[Stored data entries]
(* Let $G$ be a graph. The following are equivalent: (a1) $M_1(G)$ is a non-trivial matroid and $G$ is a connected cacti-graph; (a2) $M_1(G)$ is a connected matroid.
   Context: Graphs are finite, may have loops and parallel edges, and have no isolated vertices. A leaf is a vertex incident to exactly one edge, which is not a loop. A cacti-graph is a graph with no isolated vertices, no leaves, and no component that is a cycle. For $X\subseteq E(G)$, $G\langle X\rangle$ is the subgraph with edge set $X$ and vertex set the vertices incident to $X$. $M_1(G)$ is the matroid on $E(G)$ whose circuits are the inclusion-minimal members of $\{C\subseteq E(G):C\neq\emptyset,\ |C|=|V(G\langle C\rangle)|+1\}$. A matroid is non-trivial if it has at least one circuit and at least one cocircuit; it is connected if its ground set has at least two elements and every two elements lie in a common circuit. *)

From mathcomp Require Import all_boot.
Set Implicit Arguments. Unset Strict Implicit. Unset Printing Implicit Defensive.

(* A finite graph with loops and parallel edges: vertex type V, edge type E,
   and each edge e has (unordered) ends (ends e).1, (ends e).2;
   e is a loop iff both ends coincide. V(G) = all of V. *)

Definition incident (V E : finType) (ends : E -> V * V) (v : V) (e : E) : bool :=
  ((ends e).1 == v) || ((ends e).2 == v).

Definition is_loop (V E : finType) (ends : E -> V * V) (e : E) : bool :=
  (ends e).1 == (ends e).2.

Definition no_isolated (V E : finType) (ends : E -> V * V) : Prop :=
  forall v : V, exists e : E, incident ends v e.

Definition is_leaf (V E : finType) (ends : E -> V * V) (v : V) : Prop :=
  exists e : E, [set f | incident ends v f] = [set e] /\ ~~ is_loop ends e.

## What is needed
Filter the entries above and return only the lines holding "ends".

## Response to the exercise
   and each edge e has (unordered) ends (ends e).1, (ends e).2;
   e is a loop iff both ends coincide. V(G) = all of V. *)
Definition incident (V E : finType) (ends : E -> V * V) (v : V) (e : E) : bool :=
  ((ends e).1 == v) || ((ends e).2 == v).
Definition is_loop (V E : finType) (ends : E -> V * V) (e : E) : bool :=
  (ends e).1 == (ends e).2.
Definition no_isolated (V E : finType) (ends : E -> V * V) : Prop :=
  forall v : V, exists e : E, incident ends v e.
Definition is_leaf (V E : finType) (ends : E -> V * V) (v : V) : Prop :=
  exists e : E, [set f | incident ends v f] = [set e] /\ ~~ is_loop ends e.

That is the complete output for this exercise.